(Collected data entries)
--------
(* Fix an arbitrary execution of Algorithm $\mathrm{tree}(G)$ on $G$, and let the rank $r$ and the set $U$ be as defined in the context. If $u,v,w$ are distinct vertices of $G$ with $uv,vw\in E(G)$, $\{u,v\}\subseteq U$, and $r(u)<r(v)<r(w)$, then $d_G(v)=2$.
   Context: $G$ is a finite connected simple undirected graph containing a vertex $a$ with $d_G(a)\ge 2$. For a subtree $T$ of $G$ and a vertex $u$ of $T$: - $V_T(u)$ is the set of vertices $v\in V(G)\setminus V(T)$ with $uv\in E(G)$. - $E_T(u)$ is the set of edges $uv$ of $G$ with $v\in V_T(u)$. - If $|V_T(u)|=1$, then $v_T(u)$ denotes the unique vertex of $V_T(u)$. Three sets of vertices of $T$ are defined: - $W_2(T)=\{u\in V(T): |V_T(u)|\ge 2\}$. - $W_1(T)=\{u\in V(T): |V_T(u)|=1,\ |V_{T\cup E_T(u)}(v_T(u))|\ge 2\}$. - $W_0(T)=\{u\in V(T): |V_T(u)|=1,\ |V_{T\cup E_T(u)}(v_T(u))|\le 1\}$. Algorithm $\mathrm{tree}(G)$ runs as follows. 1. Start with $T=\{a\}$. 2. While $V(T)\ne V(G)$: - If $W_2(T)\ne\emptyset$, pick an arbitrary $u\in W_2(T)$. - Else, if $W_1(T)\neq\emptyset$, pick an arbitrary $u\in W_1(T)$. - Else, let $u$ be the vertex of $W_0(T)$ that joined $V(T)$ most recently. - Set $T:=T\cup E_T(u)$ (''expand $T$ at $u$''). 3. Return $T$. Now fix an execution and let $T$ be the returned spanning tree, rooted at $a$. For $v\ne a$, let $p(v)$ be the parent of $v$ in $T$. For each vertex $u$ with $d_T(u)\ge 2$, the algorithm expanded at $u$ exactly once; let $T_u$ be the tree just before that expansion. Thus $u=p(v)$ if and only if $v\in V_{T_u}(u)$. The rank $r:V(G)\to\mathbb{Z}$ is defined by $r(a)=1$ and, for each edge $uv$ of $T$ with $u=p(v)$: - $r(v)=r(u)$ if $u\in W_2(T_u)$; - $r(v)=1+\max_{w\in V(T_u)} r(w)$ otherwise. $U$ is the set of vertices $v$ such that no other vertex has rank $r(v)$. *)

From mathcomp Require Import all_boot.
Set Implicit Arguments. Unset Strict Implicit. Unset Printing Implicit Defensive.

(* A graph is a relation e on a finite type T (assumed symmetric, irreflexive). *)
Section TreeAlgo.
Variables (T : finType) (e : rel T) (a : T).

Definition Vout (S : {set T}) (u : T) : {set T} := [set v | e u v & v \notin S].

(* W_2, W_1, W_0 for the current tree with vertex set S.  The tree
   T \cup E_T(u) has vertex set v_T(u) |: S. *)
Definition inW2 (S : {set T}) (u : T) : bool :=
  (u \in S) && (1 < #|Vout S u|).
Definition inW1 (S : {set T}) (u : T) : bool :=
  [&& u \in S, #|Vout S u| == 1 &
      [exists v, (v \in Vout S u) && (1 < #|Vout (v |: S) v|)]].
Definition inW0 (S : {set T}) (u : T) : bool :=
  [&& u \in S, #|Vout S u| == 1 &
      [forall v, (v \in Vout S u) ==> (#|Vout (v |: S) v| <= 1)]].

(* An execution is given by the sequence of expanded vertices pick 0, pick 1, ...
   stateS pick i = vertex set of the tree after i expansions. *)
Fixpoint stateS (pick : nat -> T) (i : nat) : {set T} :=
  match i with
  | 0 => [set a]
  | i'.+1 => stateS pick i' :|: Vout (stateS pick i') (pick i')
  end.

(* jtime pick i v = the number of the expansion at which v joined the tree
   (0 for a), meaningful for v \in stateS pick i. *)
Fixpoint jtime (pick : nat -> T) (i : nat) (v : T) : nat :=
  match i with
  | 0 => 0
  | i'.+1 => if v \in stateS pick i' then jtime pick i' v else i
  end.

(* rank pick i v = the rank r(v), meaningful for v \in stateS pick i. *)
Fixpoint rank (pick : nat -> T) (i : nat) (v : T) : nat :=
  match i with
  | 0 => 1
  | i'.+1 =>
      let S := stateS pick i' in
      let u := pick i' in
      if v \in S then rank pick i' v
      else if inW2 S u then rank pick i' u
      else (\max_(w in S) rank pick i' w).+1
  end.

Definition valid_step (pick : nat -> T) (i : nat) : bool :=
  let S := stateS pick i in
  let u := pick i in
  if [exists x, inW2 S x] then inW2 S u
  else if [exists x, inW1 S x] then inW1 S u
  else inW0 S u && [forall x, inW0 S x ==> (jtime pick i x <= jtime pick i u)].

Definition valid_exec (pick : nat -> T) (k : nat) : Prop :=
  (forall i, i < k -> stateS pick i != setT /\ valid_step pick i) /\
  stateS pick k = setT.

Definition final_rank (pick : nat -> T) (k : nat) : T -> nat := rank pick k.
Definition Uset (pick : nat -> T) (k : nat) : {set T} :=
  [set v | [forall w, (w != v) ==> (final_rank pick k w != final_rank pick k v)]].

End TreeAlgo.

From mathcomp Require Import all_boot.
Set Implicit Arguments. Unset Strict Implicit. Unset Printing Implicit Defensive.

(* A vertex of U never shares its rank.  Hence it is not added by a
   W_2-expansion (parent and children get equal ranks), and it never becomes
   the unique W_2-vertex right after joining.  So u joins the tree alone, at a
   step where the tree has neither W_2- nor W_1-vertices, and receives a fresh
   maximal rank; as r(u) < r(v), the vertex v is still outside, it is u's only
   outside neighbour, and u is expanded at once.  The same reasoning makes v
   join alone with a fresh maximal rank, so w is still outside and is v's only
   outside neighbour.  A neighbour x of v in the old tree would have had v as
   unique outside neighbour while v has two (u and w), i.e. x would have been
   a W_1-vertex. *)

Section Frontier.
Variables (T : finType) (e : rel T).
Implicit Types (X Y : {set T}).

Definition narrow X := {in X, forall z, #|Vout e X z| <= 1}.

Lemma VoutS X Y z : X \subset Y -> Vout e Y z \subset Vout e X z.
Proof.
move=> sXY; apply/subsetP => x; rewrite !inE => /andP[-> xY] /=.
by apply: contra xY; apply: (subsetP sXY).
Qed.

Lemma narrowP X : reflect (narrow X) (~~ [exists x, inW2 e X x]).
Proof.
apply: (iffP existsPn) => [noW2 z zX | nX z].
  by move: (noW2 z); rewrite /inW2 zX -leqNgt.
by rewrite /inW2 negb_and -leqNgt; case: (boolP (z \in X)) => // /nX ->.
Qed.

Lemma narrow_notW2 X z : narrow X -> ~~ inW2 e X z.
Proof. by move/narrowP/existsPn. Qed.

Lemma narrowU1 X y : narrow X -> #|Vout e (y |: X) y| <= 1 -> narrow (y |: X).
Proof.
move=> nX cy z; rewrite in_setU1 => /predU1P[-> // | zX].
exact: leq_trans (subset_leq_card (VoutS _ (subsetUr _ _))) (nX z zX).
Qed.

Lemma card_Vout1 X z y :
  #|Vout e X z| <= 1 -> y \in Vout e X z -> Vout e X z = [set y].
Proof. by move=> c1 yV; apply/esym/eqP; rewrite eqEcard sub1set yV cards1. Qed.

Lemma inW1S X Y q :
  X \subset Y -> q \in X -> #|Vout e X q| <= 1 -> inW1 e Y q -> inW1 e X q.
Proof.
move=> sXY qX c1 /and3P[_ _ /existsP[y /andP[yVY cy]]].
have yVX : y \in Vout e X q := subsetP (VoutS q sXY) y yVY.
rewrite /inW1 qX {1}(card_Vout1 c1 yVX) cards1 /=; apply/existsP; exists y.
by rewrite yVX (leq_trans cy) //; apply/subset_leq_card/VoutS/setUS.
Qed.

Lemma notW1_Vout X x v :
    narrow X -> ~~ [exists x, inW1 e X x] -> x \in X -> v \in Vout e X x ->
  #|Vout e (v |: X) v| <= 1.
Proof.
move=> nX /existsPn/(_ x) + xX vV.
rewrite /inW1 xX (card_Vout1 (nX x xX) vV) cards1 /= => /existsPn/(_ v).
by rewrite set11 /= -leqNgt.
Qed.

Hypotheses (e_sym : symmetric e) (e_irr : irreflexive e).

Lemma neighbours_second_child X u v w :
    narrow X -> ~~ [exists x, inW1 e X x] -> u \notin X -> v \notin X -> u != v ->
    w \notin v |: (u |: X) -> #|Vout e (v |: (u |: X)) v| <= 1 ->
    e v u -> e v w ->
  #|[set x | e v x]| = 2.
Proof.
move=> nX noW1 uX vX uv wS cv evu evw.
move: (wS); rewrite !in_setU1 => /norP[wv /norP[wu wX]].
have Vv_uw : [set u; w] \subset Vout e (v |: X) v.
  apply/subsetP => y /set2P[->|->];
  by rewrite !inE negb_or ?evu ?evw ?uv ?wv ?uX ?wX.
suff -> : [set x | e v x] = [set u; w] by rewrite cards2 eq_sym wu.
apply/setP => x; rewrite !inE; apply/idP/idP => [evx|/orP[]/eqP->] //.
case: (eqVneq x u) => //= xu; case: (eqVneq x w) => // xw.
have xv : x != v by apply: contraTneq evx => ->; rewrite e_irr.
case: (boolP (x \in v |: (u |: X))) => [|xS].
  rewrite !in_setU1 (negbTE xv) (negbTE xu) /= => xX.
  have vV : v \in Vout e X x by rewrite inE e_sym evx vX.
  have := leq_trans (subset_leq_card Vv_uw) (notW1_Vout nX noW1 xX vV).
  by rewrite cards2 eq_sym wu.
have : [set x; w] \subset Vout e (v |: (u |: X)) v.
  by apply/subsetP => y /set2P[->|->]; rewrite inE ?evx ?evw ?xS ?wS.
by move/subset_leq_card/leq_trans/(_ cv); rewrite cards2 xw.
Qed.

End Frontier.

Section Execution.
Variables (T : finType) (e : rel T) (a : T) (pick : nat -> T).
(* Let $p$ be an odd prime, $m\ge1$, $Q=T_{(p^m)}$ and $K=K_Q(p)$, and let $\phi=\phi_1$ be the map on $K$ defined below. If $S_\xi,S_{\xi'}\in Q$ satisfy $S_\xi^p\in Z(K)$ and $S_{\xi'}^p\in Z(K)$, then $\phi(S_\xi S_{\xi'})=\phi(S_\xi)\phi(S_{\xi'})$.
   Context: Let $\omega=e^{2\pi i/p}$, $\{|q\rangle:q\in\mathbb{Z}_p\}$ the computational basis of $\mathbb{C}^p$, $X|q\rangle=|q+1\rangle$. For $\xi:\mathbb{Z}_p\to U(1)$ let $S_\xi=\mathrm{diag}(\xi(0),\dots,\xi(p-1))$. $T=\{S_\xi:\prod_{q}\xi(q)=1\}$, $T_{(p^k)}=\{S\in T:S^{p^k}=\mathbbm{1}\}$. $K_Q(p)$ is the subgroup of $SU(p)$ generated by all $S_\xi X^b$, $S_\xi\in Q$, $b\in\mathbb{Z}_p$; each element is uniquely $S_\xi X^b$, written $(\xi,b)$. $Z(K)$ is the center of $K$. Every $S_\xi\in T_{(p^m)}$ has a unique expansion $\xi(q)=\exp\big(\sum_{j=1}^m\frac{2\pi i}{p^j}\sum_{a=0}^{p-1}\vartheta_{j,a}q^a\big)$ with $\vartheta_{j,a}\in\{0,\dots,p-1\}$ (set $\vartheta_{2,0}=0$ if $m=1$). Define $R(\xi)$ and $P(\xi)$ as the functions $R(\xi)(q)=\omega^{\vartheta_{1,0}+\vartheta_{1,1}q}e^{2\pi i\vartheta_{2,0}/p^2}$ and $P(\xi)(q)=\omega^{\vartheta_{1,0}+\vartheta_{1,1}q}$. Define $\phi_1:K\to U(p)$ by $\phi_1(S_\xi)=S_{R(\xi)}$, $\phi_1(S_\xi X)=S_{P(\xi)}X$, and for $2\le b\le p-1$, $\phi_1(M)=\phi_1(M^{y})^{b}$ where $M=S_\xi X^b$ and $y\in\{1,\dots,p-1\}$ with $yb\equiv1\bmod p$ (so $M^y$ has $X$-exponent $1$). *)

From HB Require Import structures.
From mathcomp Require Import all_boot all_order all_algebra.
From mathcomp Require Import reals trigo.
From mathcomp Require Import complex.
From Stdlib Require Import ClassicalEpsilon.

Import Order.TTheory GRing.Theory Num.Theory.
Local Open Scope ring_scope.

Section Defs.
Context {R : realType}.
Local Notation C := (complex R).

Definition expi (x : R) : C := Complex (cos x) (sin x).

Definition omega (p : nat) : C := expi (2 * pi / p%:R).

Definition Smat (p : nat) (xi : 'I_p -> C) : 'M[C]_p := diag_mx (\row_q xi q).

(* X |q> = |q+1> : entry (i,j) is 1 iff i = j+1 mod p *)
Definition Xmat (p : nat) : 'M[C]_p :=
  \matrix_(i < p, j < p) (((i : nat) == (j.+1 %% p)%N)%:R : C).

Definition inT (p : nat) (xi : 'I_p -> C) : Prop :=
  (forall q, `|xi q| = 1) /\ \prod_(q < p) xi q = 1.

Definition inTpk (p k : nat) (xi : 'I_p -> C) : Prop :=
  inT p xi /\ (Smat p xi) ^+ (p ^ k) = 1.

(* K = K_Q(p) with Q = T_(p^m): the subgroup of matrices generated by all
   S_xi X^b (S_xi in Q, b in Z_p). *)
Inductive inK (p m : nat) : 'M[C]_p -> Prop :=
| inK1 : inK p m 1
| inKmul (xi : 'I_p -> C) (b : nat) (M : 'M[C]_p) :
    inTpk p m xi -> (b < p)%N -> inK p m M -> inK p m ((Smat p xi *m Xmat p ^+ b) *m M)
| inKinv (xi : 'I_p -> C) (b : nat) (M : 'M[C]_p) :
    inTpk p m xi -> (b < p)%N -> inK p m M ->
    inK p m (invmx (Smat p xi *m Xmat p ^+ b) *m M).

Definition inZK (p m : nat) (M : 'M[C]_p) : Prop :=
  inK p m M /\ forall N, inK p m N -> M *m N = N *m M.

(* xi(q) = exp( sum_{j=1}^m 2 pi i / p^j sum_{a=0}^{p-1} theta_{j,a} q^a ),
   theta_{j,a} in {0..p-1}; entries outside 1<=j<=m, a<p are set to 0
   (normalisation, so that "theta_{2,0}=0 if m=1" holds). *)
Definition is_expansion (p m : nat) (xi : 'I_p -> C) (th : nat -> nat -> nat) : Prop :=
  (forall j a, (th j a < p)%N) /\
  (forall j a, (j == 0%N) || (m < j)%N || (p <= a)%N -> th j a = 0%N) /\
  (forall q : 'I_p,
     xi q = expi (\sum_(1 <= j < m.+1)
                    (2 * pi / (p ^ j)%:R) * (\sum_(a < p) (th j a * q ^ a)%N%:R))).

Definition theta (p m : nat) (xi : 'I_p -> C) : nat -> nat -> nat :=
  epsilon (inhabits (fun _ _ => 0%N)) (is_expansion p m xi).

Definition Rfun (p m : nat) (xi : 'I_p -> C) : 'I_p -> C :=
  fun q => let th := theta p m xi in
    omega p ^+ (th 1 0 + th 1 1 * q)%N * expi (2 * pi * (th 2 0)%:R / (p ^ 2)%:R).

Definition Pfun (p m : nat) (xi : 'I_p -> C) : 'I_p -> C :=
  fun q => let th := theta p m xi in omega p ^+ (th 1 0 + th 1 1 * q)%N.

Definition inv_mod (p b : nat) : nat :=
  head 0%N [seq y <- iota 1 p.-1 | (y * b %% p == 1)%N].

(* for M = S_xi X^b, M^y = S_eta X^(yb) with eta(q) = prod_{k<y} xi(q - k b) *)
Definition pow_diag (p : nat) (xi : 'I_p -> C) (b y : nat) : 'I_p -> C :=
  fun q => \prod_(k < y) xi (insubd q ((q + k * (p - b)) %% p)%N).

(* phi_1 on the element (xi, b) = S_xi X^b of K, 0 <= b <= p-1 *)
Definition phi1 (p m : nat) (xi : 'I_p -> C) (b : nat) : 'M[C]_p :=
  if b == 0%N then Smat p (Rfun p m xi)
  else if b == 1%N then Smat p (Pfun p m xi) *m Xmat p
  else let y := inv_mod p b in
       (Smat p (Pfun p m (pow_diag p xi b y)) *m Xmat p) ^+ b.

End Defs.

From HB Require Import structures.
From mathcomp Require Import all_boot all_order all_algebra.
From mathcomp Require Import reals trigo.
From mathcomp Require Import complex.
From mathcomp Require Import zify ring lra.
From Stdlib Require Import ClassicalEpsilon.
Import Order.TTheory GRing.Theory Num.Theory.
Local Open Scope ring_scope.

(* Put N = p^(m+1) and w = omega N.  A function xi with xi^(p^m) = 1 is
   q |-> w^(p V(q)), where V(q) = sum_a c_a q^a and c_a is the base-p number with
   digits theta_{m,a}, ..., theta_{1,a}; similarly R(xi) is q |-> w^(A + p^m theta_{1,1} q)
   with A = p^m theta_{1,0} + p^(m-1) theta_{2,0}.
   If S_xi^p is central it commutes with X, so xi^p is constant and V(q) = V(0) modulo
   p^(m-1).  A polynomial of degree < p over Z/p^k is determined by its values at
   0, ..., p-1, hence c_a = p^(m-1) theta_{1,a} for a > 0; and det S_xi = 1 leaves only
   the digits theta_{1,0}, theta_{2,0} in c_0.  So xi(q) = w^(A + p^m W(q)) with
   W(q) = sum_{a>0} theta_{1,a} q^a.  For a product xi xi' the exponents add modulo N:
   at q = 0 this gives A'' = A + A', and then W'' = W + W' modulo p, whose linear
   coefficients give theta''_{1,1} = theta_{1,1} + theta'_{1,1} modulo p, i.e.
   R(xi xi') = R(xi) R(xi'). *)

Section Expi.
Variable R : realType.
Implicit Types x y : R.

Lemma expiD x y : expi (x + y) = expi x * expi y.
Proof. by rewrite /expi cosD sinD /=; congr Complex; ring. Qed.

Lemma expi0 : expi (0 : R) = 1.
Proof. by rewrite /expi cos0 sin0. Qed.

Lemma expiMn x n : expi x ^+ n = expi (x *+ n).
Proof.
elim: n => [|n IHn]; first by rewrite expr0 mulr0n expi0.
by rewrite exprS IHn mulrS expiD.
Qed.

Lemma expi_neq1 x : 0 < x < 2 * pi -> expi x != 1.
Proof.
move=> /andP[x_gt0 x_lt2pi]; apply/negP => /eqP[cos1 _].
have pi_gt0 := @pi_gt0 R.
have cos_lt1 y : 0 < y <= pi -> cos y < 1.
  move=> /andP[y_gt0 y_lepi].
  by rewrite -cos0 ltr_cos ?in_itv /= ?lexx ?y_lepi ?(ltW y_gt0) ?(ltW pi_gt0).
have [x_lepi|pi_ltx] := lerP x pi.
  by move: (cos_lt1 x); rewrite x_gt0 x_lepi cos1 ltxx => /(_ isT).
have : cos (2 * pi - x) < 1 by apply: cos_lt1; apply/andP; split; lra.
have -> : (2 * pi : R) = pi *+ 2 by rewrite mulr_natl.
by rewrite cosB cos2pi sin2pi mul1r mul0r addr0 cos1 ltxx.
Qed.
--------
Work order =>
Reproduce only the lines above, starting at the line with "modulo p, i.e." and ending at the line with "move=> /andP[y_gt0 y_lepi].", exactly as written.

Exercise answer =>
   coefficients give theta''_{1,1} = theta_{1,1} + theta'_{1,1} modulo p, i.e.
   R(xi xi') = R(xi) R(xi'). *)

Section Expi.
Variable R : realType.
Implicit Types x y : R.

Lemma expiD x y : expi (x + y) = expi x * expi y.
Proof. by rewrite /expi cosD sinD /=; congr Complex; ring. Qed.

Lemma expi0 : expi (0 : R) = 1.
Proof. by rewrite /expi cos0 sin0. Qed.

Lemma expiMn x n : expi x ^+ n = expi (x *+ n).
Proof.
elim: n => [|n IHn]; first by rewrite expr0 mulr0n expi0.
by rewrite exprS IHn mulrS expiD.
Qed.

Lemma expi_neq1 x : 0 < x < 2 * pi -> expi x != 1.
Proof.
move=> /andP[x_gt0 x_lt2pi]; apply/negP => /eqP[cos1 _].
have pi_gt0 := @pi_gt0 R.
have cos_lt1 y : 0 < y <= pi -> cos y < 1.
  move=> /andP[y_gt0 y_lepi].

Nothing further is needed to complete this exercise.